On Tue, 2017-12-05 at 06:42 +0800, Ming Lei wrote:
> On Mon, Dec 04, 2017 at 09:30:32AM -0800, Bart Van Assche wrote:
> > * A systematic lockup for SCSI queues with queue depth 1. The
> > following test reproduces that bug systematically:
> > - Change the SRP initiator such that SCSI target queue depth is
> > limited to 1.
> > - Run the following command:
> > srp-test/run_tests -f xfs -d -e none -r 60 -t 01
> > See also "[PATCH 4/7] blk-mq: Avoid that request processing
> > stalls when sharing tags"
> > (https://marc.info/?l=linux-block&m=151208695316857). Note:
> > reverting commit 0df21c86bdbf also fixes a sporadic SCSI request
> > queue lockup while inserting a blk_mq_sched_mark_restart_hctx()
> > before all blk_mq_dispatch_rq_list() calls only fixes the
> > systematic lockup for queue depth 1.
>
> You are the only reproducer [ ... ]
That's not correct. I'm pretty sure if you try to reproduce this that
you will see the same hang I ran into. Does this mean that you have not
yet tried to reproduce the hang I reported?
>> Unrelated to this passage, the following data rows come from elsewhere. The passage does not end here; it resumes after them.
Lemma pmatchings_sub_partner (S : edges) v : v \notin cover S ->
  pmatchings S \subset \bigcup_(w in ~: cover S :\ v) pmatchings ([set v; w] |: S).
Proof.
move=> vS; apply/subsetP => m; rewrite inE => /andP[pm sSm].
have [w wv vw_m] := pm_partner v pm.
apply/bigcupP; exists w; last by rewrite inE pm subUset sub1set vw_m sSm.
rewrite !inE wv /=; apply/bigcupP => -[B SB wB].
have EB : [set v; w] = B.
  by apply: (pm_block_eq pm vw_m (subsetP sSm _ SB) _ wB); rewrite !inE eqxx orbT.
by case/negP: vS; apply/bigcupP; exists B; rewrite // -EB !inE eqxx.
Qed.

Lemma card_pmatchings_le_dfo k (S : edges) : #|S| + k = n -> #|pmatchings S| <= dfo k.
Proof.
elim: k S => [|k IHk] S cS.
  rewrite /dfo big_ord0 -(cards1 S) subset_leq_card //; apply/subsetP => m.
  rewrite !inE => /andP[pm sSm]; rewrite eq_sym eqEcard sSm (pm_card pm); lia.
have [-> | [m0]] := set_0Vmem (pmatchings S); first by rewrite cards0.
rewrite inE => /andP[pm0 sSm0].
have dS := disjoint_edgesS sSm0 (pm_disjoint_edges pm0).
have : 0 < #|~: cover S| by rewrite cardsCs setCK card_cover_disjoint_edges // cardV; lia.
case/card_gt0P=> v; rewrite inE => vS.
apply: leq_trans (subset_leq_card (pmatchings_sub_partner vS)) _.
apply: leq_trans (card_bigcup_le _ _) _.
have cW : #|~: cover S :\ v| = 2 * k + 1.
  move: (cardsD1 v (~: cover S)); rewrite inE vS cardsCs setCK.
  by rewrite card_cover_disjoint_edges // cardV; lia.
rewrite dfoS -cW -sum_nat_const; apply: leq_sum => w _; apply: IHk.
have vwS : [set v; w] \notin S.
  by apply: contra vS => vwS; apply/bigcupP; exists [set v; w]; rewrite ?set21.
by rewrite cardsU1 vwS; lia.
Qed.
(* Let $S$ be a graded reduced affine monoid and $\tilde S$ as in the context. If the defining congruence $\sim_S$ has a quadratic Gröbner system (with respect to some admissible total order), then the defining congruence $\sim_{\tilde S}$ also has a quadratic Gröbner system (with respect to some admissible total order).
   Context: A monoid is a commutative cancellative semigroup with identity; affine: finitely generated submonoid of a finitely generated free abelian group; reduced: only unit is the identity. $S$ is graded: $S=\bigsqcup_{d\in\mathbb{N}_0}S_d$, $S_dS_e\subseteq S_{d+e}$, $|s|=d$ for $s\in S_d$. $\tilde S=\{s[i]\mid s\in S,0\le i\le|s|\}$ with $s[i]t[j]=(st)[i+j]$. For a reduced affine monoid $T$ with atom set $\mathcal{A}(T)$, its defining congruence $\sim_T$ is the congruence on the free commutative monoid $\{x^{\alpha}\mid\alpha\in\mathbb{N}_0^{\mathcal{A}(T)}\}$ with $x^{\alpha}\sim_T x^{\gamma}$ iff $\prod t^{\alpha(t)}=\prod t^{\gamma(t)}$ in $T$. An admissible total order $\prec$ on a free commutative monoid satisfies $x\prec y\Rightarrow xz\prec yz$ and $1\prec x$ for $x\ne1$. A finite $\Lambda$ of pairs is a Gröbner system of a congruence $\sim$ if $x\sim y$ and $y\prec x$ for all $(x,y)\in\Lambda$, and every element not divisible by a first component of a pair of $\Lambda$ is $\prec$-minimal in its class. It is quadratic if $|\lambda|\le2$ and $|\mu|\le2$ for all $(x^{\lambda},x^{\mu})\in\Lambda$, where $|\lambda|=\sum\lambda(t)$. *)

From HB Require Import structures.
From mathcomp Require Import all_boot all_order all_algebra.
From mathcomp Require Import finmap.
Set Implicit Arguments. Unset Strict Implicit. Unset Printing Implicit Defensive.
Import GRing.Theory Num.Theory.
Local Open Scope ring_scope.

(* Monoids are modelled as subsets T of an ambient abelian group V
   (written additively), containing 0 and closed under +.  *)

Definition affine_in (V : zmodType) (T : V -> Prop) : Prop :=
  exists gens : seq V, forall x : V,
    T x <-> exists c : 'I_(size gens) -> nat,
              x = \sum_(i < size gens) gens`_i *+ c i.

Definition reduced (V : zmodType) (T : V -> Prop) : Prop :=
  forall x y : V, T x -> T y -> x + y = 0 -> x = 0.

Definition is_atom (V : zmodType) (T : V -> Prop) (x : V) : Prop :=
  [/\ T x, x <> 0 &
      forall y z : V, T y -> T z -> x = y + z -> y = 0 \/ z = 0].

Definition atom_set (V : zmodType) (T : V -> Prop) (A : {fset V}) : Prop :=
  forall x : V, x \in A <-> is_atom T x.

(* the free commutative monoid {x^alpha | alpha in N_0^A} *)
Definition expv (V : zmodType) (A : {fset V}) := {ffun A -> nat}.

Definition emul (V : zmodType) (A : {fset V}) (a b : expv A) : expv A :=
  [ffun t => (a t + b t)%N].

Definition eone (V : zmodType) (A : {fset V}) : expv A := [ffun _ => 0%N].

Definition edeg (V : zmodType) (A : {fset V}) (a : expv A) : nat :=
  (\sum_(t : A) a t)%N.

Definition evalA (V : zmodType) (A : {fset V}) (a : expv A) : V :=
  \sum_(t : A) (val t) *+ a t.

Definition defcong (V : zmodType) (A : {fset V}) (a b : expv A) : Prop :=
  evalA a = evalA b.

Definition admissible (V : zmodType) (A : {fset V}) (lt : expv A -> expv A -> Prop)
  : Prop :=
  [/\ (forall x, ~ lt x x),
      (forall x y z, lt x y -> lt y z -> lt x z),
      (forall x y, x <> y -> lt x y \/ lt y x),
      (forall x y z, lt x y -> lt (emul x z) (emul y z)) &
      (forall x, x <> eone A -> lt (eone A) x)].

Definition divides (V : zmodType) (A : {fset V}) (x z : expv A) : Prop :=
  exists u, z = emul x u.

Definition groebner_system (V : zmodType) (A : {fset V})
  (rel lt : expv A -> expv A -> Prop) (L : seq (expv A * expv A)) : Prop :=
  (forall p, p \in L -> rel p.1 p.2 /\ lt p.2 p.1) /\
  (forall z, (forall p, p \in L -> ~ divides p.1 z) ->
     forall w, rel z w -> z = w \/ lt z w).

Definition quadratic (V : zmodType) (A : {fset V}) (L : seq (expv A * expv A))
  : Prop :=
  forall p, p \in L -> (edeg p.1 <= 2)%N /\ (edeg p.2 <= 2)%N.

Definition has_quadratic_groebner (V : zmodType) (T : V -> Prop) : Prop :=
  exists A : {fset V}, atom_set T A /\
  exists lt : expv A -> expv A -> Prop, admissible lt /\
  exists L : seq (expv A * expv A),
    groebner_system (@defcong V A) lt L /\ quadratic L.

(* S~ = { s[i] | s in S, 0 <= i <= |s| }, realised as the pairs (s, i)
   inside Z^m x Z, so that s[i] t[j] = (st)[i+j] is addition. *)
Definition tilde (m : nat) (S : 'rV[int]_m -> Prop) (deg : 'rV[int]_m -> nat)
  : ('rV[int]_m * int)%type -> Prop :=
  fun p => S p.1 /\ (0 <= p.2 <= (deg p.1)%:Z).
(* Let $k$ be an infinite Brauer field, let $d\ge 1$, assume that $\Sigma^*((d))$ holds, and fix $e\in\{0,\ldots,d\}\setminus\{1\}$. There is a constant $C(d)$ such that the following holds. Let $a_1,\ldots,a_n\in k$ be arbitrary and $b_1,\ldots,b_n\in k$ nonzero, and for $x,y\in k^n$ put $f(x,y)=a_1x_1^ey_1^{d-e}+\cdots+a_nx_n^ey_n^{d-e}$ and $g(x,y)=b_1x_1y_1^{d-1}+\cdots+b_nx_ny_n^{d-1}$. If $n>C(d)$, then there exist $x,y\in k^n$ with $f(x,y)=0$ and $g(x,y)\ne 0$.
   Context: A field $k$ is a Brauer field if for every $d\ge 1$ there is $N_k(d)$ such that every equation $a_1x_1^d+\cdots+a_nx_n^d=0$ with $n>N_k(d)$, $a_i\in k$, has a non-trivial solution in $k^n$. Multi-degrees are tuples $(e_1\ge\cdots\ge e_s\ge 1)$ of integers compared lexicographically. Strength: for a homogeneous $f$ of degree $d>0$, $\operatorname{str}(f)$ is the minimal $s$ with $f=\sum_{t=1}^s g_th_t$, $g_t,h_t$ homogeneous over $k$ of degrees $<d$; the strength of a tuple is the minimal strength of a nontrivial $k$-linear combination of its members of equal degree. $\Sigma(\underline{e})$ is the statement: there is a constant $C$ such that for every finite-dimensional $k$-vector space $U$ and every tuple $\underline{h}$ of homogeneous polynomials on $U$ of multi-degree $\underline{e}$ with $\operatorname{str}(\underline{h})>C$, the $k$-points of the common zero locus $Z(\underline{h})$ are Zariski dense. $\Sigma^*((d))$ is the statement that $\Sigma(\underline{e})$ holds for every multi-degree $\underline{e}$ with first entry $<d$. *)

From HB Require Import structures.
From mathcomp Require Import all_boot all_order all_algebra.
From mathcomp Require Import mpoly.
Set Implicit Arguments.
Unset Strict Implicit.
Unset Printing Implicit Defensive.
Import Order.TTheory GRing.Theory.
Local Open Scope ring_scope.

Definition homog_of {k : fieldType} {m : nat} (d : nat) (p : {mpoly k[m]}) : bool :=
  p \is @ishomog1 m k d (Measure.clone _ (@mdeg m) _).

Definition Brauer (k : fieldType) : Prop :=
  forall d : nat, (1 <= d)%N ->
    exists N : nat, forall (n : nat) (a : 'I_n -> k), (N < n)%N ->
      exists x : 'I_n -> k, (exists i, x i != 0) /\ \sum_(i < n) a i * x i ^+ d = 0.

Definition infinite_field (k : fieldType) : Prop :=
  forall s : seq k, exists x : k, x \notin s.

(* So "str f <= C" iff
   exists s <= C with str_decomp d f s, and "str f > C" is its negation. *)
Definition str_decomp {k : fieldType} {m : nat} (d : nat) (f : {mpoly k[m]}) (s : nat) : Prop :=
  exists (g h : 'I_s -> {mpoly k[m]}) (a b : 'I_s -> nat),
    (forall t, (a t < d)%N /\ (b t < d)%N /\ homog_of (a t) (g t) /\ homog_of (b t) (h t))
    /\ f = \sum_(t < s) g t * h t.

Definition str_gt {k : fieldType} {m : nat} (d : nat) (f : {mpoly k[m]}) (C : nat) : Prop :=
  ~ exists s : nat, (s <= C)%N /\ str_decomp d f s.

Definition multidegree (es : seq nat) : bool :=
  [&& es != [::], sorted geq es & all (fun e => 0 < e)%N es].

Definition tuple_str_gt {k : fieldType} {m : nat} (es : seq nat)
    (h : 'I_(size es) -> {mpoly k[m]}) (C : nat) : Prop :=
  forall (j : nat) (c : 'I_(size es) -> k),
    (forall i : 'I_(size es), nth 0%N es i != j -> c i = 0) ->
    (exists i, c i != 0) ->
    str_gt j (\sum_(i < size es) c i *: h i) C.

Definition kpoint_zero {k : fieldType} {m s : nat} (h : 'I_s -> {mpoly k[m]})
    (x : 'I_m -> k) : Prop := forall i, (h i).@[x] = 0.

(* The k-points of Z(h) are Zariski dense in Z(h): every polynomial over k
   vanishing on all k-points of Z(h) vanishes on Z(h), i.e. lies in the
   radical of the ideal generated by the h_i. *)
Definition kpoints_dense {k : fieldType} {m s : nat} (h : 'I_s -> {mpoly k[m]}) : Prop :=
  forall p : {mpoly k[m]},
    (forall x : 'I_m -> k, kpoint_zero h x -> p.@[x] = 0) ->
    exists (r : nat) (c : 'I_s -> {mpoly k[m]}), p ^+ r = \sum_(i < s) c i * h i.

Definition Sigma (k : fieldType) (es : seq nat) : Prop :=
  exists C : nat, forall (m : nat) (h : 'I_(size es) -> {mpoly k[m]}),
    (forall i : 'I_(size es), homog_of (nth 0%N es i) (h i)) ->
    @tuple_str_gt k m es h C -> kpoints_dense h.

Definition SigmaStar (k : fieldType) (d : nat) : Prop :=
  forall es : seq nat, multidegree es -> (head 0%N es < d)%N -> Sigma k es.

From HB Require Import structures.
From mathcomp Require Import all_boot all_order all_algebra.
From mathcomp Require Import mpoly.
From mathcomp Require Import zify.
Import GRing.Theory.
Local Open Scope ring_scope.

(* Brauer gives a nontrivial zero z of the diagonal form sum a_i z_i^e (of
   degree d when e = 0), say with z_i0 <> 0.  For e = 0 the form f does not
   involve x, and x = the i0-th unit vector makes g = b_i0 y_i0^(d-1) nonzero.
   For e >= 2 take x_i0 = z_i0 t^(d-e), y_i0 = 1 and x_i = z_i, y_i = t^e
   otherwise: then x_i^e y_i^(d-e) = z_i^e t^(e(d-e)) for every i, so f = 0,
   while g = b_i0 z_i0 t^(d-e) + c t^(e(d-1)) with distinct exponents because
   e >= 2, so some t in the infinite field k makes g nonzero. *)

Section InfiniteField.

Context {k : fieldType} (k_infinite : infinite_field k).

Lemma infinite_field_uniq_seq (m : nat) : exists s : seq k, uniq s /\ size s = m.
Proof.
elim: m => [|m [s [s_uniq s_size]]]; first by exists [::].
have [x x_notin_s] := k_infinite s.
by exists (x :: s); rewrite /= x_notin_s s_uniq s_size.
Qed.

Lemma infinite_field_nonroot {p : {poly k}} : p != 0 -> exists t, ~~ root p t.
Proof.
move=> p_neq0; have [s [s_uniq s_size]] := infinite_field_uniq_seq (size p).
have [all_roots|/allPn [t _ not_root]] := boolP (all (root p) s); last by exists t.
by have := max_poly_roots p_neq0 all_roots s_uniq; rewrite s_size ltnn.
Qed.

Lemma binomial_nonvanishing (c c' : k) (m m' : nat) :
  m != m' -> c != 0 -> exists t, c * t ^+ m + c' * t ^+ m' != 0.
Proof.
move=> m_neq_m' c_neq0; pose p : {poly k} := c *: 'X^m + c' *: 'X^m'.
have p_neq0 : p != 0.
  apply: contra_neq c_neq0 => /(congr1 (coefp m)).
  by rewrite /= coefD !coefZ !coefXn eqxx (negbTE m_neq_m') mulr0 addr0 mulr1 coef0.
have [t not_root] := infinite_field_nonroot p_neq0; exists t.
by move: not_root; rewrite /root hornerD !hornerZ !hornerXn.
Qed.

End InfiniteField.

Lemma subn_lt_mul_pred (d e : nat) : (2 <= e <= d)%N -> (d - e < e * (d - 1))%N.
Proof. by move=> /andP[e_ge2 e_le_d]; nia. Qed.

Section DiagonalForms.

Context {k : fieldType} {n : nat} {b : 'I_n -> k}.
Hypothesis b_neq0 : forall i, b i != 0.

Lemma exists_diag_form_neq0 (y : 'I_n -> k) (i0 : 'I_n) (m : nat) :
  y i0 != 0 -> exists x : 'I_n -> k, \sum_(i < n) b i * x i * y i ^+ m != 0.
Proof.
move=> y_i0_neq0; exists (fun i => (i == i0)%:R).
rewrite (bigD1 i0) //= eqxx mulr1 big1 ?addr0 ?mulf_neq0 ?expf_neq0 //.
by move=> i /negbTE ->; rewrite mulr0 mul0r.
Qed.

Lemma diag_biform_twist (k_infinite : infinite_field k) (a z : 'I_n -> k)
    (i0 : 'I_n) (d e : nat) :
  (2 <= e <= d)%N -> z i0 != 0 -> \sum_(i < n) a i * z i ^+ e = 0 ->
  exists x y : 'I_n -> k,
    \sum_(i < n) a i * x i ^+ e * y i ^+ (d - e) = 0 /\
    \sum_(i < n) b i * x i * y i ^+ (d - 1) != 0.
Proof.
move=> e_range z_i0_neq0 z_zero.
pose c := \sum_(i < n | i != i0) b i * z i.
have [t g_neq0] : exists t, b i0 * z i0 * t ^+ (d - e) + c * t ^+ (e * (d - 1)) != 0.
  by apply: binomial_nonvanishing; rewrite ?mulf_neq0 // ltn_eqF ?subn_lt_mul_pred.
exists (fun i => if i == i0 then z i * t ^+ (d - e) else z i).
exists (fun i => if i == i0 then 1 else t ^+ e).
split.
  have term_scaled i : a i * (if i == i0 then z i * t ^+ (d - e) else z i) ^+ e
      * (if i == i0 then 1 else t ^+ e) ^+ (d - e) = a i * z i ^+ e * t ^+ (e * (d - e)).
    by case: (i == i0); rewrite ?expr1n ?mulr1 ?exprMn -?exprM ?mulrA // mulnC.
  by rewrite (eq_bigr _ (fun i _ => term_scaled i)) -mulr_suml z_zero mul0r.
rewrite (bigD1 i0) //= eqxx expr1n mulr1.
rewrite (eq_bigr (fun i => b i * z i * t ^+ (e * (d - 1)))); last first.
  by move=> i /negbTE ->; rewrite -exprM.
by rewrite -mulr_suml mulrA.
Qed.

End DiagonalForms.

Theorem lemma6p2 (k : fieldType) (hB : Brauer k) (hinf : infinite_field k)
    (d : nat) (hd : (1 <= d)%N) (hS : SigmaStar k d)
    (e : nat) (he : (e <= d)%N) (he1 : e != 1%N) :
  exists C : nat, forall (n : nat) (a b : 'I_n -> k),
    (C < n)%N -> (forall i, b i != 0) ->
    exists x y : 'I_n -> k,
      \sum_(i < n) a i * x i ^+ e * y i ^+ (d - e) = 0 /\
      \sum_(i < n) b i * x i * y i ^+ (d - 1) != 0.
Proof.
have [e0|e_pos] := posnP e.
  have [N brauer_d] := hB d hd; exists N => n a b n_gt b_neq0.
  have [y [[i0 y_i0_neq0] y_zero]] := brauer_d n a n_gt.
  have [x g_neq0] := exists_diag_form_neq0 b_neq0 y i0 (d - 1)%N y_i0_neq0.
  exists x, y; split=> //.
  by rewrite -[RHS]y_zero e0 subn0; apply: eq_bigr => i _; rewrite expr0 mulr1.
have e_range : (2 <= e <= d)%N by rewrite he andbT ltn_neqAle eq_sym he1.
have [N brauer_e] := hB e e_pos; exists N => n a b n_gt b_neq0.
have [z [[i0 z_i0_neq0] z_zero]] := brauer_e n a n_gt.
exact: (diag_biform_twist b_neq0 hinf _ _ i0 _ _ e_range z_i0_neq0 z_zero).
Qed.
(* Consider the Que Sera Consensus (QSC) protocol, as described in the context, running on $n$ nodes atop a full-spread threshold synchronous broadcast primitive $\mathrm{TSB}(t_r,t_b,n)$ with $t_r>0$ and $t_b>0$. If the network's choice of the sets $N_R$ and $N_B$ (determining which messages each node receives and learns were reliably broadcast) is independent of the proposal priorities, and $p_t$ is the probability that two nodes tie for highest priority in a round, then each node delivers a history in each round independently with probability at least $t_b/n-p_t$.
   Context: Threshold synchronous broadcast (TSB). A group of $n$ nodes, numbered $1,\dots,n$, operates in integer logical time-steps $0,1,2,\dots$. Nodes may fail only by crashing permanently. In each time-step every non-failed node calls $\mathrm{Broadcast}(m)$ exactly once; the call returns a pair $(R,B)$ of message sets. A primitive provides $\mathrm{TSB}(t_r,t_b,t_s)$ if: (lock-step synchrony) a call to $\mathrm{Broadcast}(m)$ at step $s$ returns at step $s+1$ unless the node fails before reaching step $s+1$; (receive threshold) if node $i$'s call at step $s$ returns $(R,B)$, there is $N_R\subseteq\{1,\dots,n\}$ with $|N_R|\ge t_r$ such that $R$ is exactly the set of messages broadcast by the nodes in $N_R$ during step $s$; (broadcast threshold) there is $N_B\subseteq\{1,\dots,n\}$ with $|N_B|\ge t_b$ such that $B$ is exactly the set of messages broadcast by the nodes in $N_B$ during step $s$; (spread threshold) if some node's call at step $s$ returns $(R,B)$ with $m'\in B$, then there are at least $t_s$ nodes whose receive sets $R$ returned from their step-$s$ calls include $m'$ (a node that fails before completing step $s$ counts if it would have received $m'$ had it not failed). The case $t_s=n$ is called full-spread. Histories and priorities. A proposal is a triple $\langle i,m,r\rangle$ (node, message, numeric priority). A history is a finite list of proposals; $[]$ is the empty history and $\|$ is list concatenation. The priority of a nonempty history is the priority $r$ of its last proposal. A history $h$ is best in a set $H$ if $h\in H$ and no $h'\in H$ has strictly greater priority; $h$ is uniquely best in $H$ if $h\in H$ and no other $h'\ne h$ in $H$ has priority greater than or equal to that of $h$. QSC protocol. It is parameterized by functions ChooseMessage (returns some message, possibly empty), Deliver (passes a history to the application), RandomValue (returns a value drawn using node-private randomness, independently on each node, from a fixed nontrivial distribution that is the same on every node), and Broadcast (the TSB primitive). Each node $i$ runs: set $h\leftarrow[]$; then forever repeat a consensus round: $m\leftarrow\mathrm{ChooseMessage}()$; $r\leftarrow\mathrm{RandomValue}()$; $h'\leftarrow h\,\|\,[\langle i,m,r\rangle]$; $(R',B')\leftarrow\mathrm{Broadcast}(h')$; $h''\leftarrow$ any best history in $B'$; $(R'',B'')\leftarrow\mathrm{Broadcast}(h'')$; $h\leftarrow$ any best history in $R''$; if $h\in B''$ and $h$ is uniquely best in $R'$, call $\mathrm{Deliver}(h)$. Each round occupies two time-steps. *)

From HB Require Import structures.
From mathcomp Require Import all_boot all_order all_algebra.
From mathcomp Require Import all_classical all_reals all_analysis.
Set Implicit Arguments. Unset Strict Implicit. Unset Printing Implicit Defensive.
Import Order.TTheory GRing.Theory Num.Theory.
Local Open Scope classical_set_scope.
Local Open Scope ring_scope.
(* Let $\sigma:\mathbb{R}\to\mathbb{R}$ be bounded and differentiable with bounded derivative. Let $d_1,d_2,\kappa,L,n,K_n\in\mathbb{N}$ with $\kappa\le\min\{d_1,d_2\}$ and $L\ge2$, and consider the network $f_{\mathbf{w}}$ described in the context with architecture $M_1=M_{L+1}=\kappa$, $M_2=\dots=M_L=1$, $k_1=\dots=k_{L-1}=2\kappa^2$, $k_0=k_L=1$. Let $(\mathbf{X}_1,Y_1),\dots,(\mathbf{X}_n,Y_n)\in[0,1]^{D}\times\{0,1\}$, let $c_4>0$, and define $$F_n(\mathbf{w})=\frac1n\sum_{i=1}^n|Y_i-f_{\mathbf{w}}(\mathbf{X}_i)|^2+c_4\sum_{k=1}^{K_n}w_k^2 .$$ Let $t_n,L_n>0$ with $t_n\ge L_n$, let $\gamma_n^*\ge1$, $B_n\ge1$, and let $\mathbf{w},\mathbf{v}$ be weight vectors such that $|w_k|\le\gamma_n^*$ for $k=1,\dots,K_n$, $|w^{(r)}_{s_2,k}|\le B_n$ and $|w^{(r)}_{t_1,t_2,s_1,s_2,k}|\le B_n$ for all indices with $r=2,\dots,L$, and $$\|\mathbf{w}-\mathbf{v}\|_\infty^2\le\frac{2t_n}{L_n}\max\{F_n(\mathbf{v}),1\}.$$ Then $$\|(\nabla_{\mathbf{w}}F_n)(\mathbf{w})\|\le c_8\cdot K_n^{3/2}\cdot B_n^{2L}\cdot(\gamma_n^* )^2\cdot\sqrt{\frac{t_n}{L_n}\max\{F_n(\mathbf{v}),1\}},$$ where $c_8>0$ is a constant not depending on $n$, $K_n$, $B_n$, $\gamma_n^*$, $t_n$, $L_n$, $\mathbf{w}$, $\mathbf{v}$ or the data.
   Context: $D=\{1,\dots,d_1\}\times\{1,\dots,d_2\}$ and $[0,1]^D$ is the set of families $(x_{i,j})_{(i,j)\in D}$ with entries in $[0,1]$. Network: for $k\in\{1,\dots,K_n\}$ and $(i,j)\in D$, $o^{(0)}_{(i,j),1,k}=x_{i,j}$ and for $r=1,\dots,L$, $s_2\in\{1,\dots,k_r\}$, $$o^{(r)}_{(i,j),s_2,k}=\sigma\Big(\sum_{s_1=1}^{k_{r-1}}\sum_{t_1,t_2\in\{1,\dots,M_r\},\,(i+t_1-1,j+t_2-1)\in D} w^{(r)}_{t_1,t_2,s_1,s_2,k}\, o^{(r-1)}_{(i+t_1-1,j+t_2-1),s_1,k}+w^{(r)}_{s_2,k}\Big),$$ $f_{\mathbf{w}_k,\mathbf{w}_{bias,k}}(\mathbf{x})=\frac{1}{(d_1-M_{L+1}+1)(d_2-M_{L+1}+1)}\sum_{i=1}^{d_1-M_{L+1}+1}\sum_{j=1}^{d_2-M_{L+1}+1}o^{(L)}_{(i,j),1,k}$, and $f_{\mathbf{w}}(\mathbf{x})=\sum_{k=1}^{K_n}w_kf_{\mathbf{w}_k,\mathbf{w}_{bias,k}}(\mathbf{x})$. The weight vector $\mathbf{w}$ collects all $w_k$, $w^{(r)}_{t_1,t_2,s_1,s_2,k}$, $w^{(r)}_{s_2,k}$; $\nabla_{\mathbf{w}}$ is the gradient with respect to all these components, $\|\cdot\|$ the Euclidean norm and $\|\cdot\|_\infty$ the maximum of absolute values of components. *)

From Stdlib Require Import Reals Lra Lia.
From Coquelicot Require Import Coquelicot.
Open Scope R_scope.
> You said that your patch fixes 'commit b347689ffbca ("blk-mq-sched:
> improve dispatching from sw queue")', but you don't mention any issue
> about that commit.
That's not correct either. From the commit message "A systematic lockup
for SCSI queues with queue depth 1."
> > I think the above means that it is too risky to try to fix all bugs
> > introduced by commit 0df21c86bdbf before kernel v4.15 is released.
> > Hence revert that commit.
>
> What is the risk?
That more bugs were introduced by commit 0df21c86bdbf than the ones that
have been discovered so far.
Bart.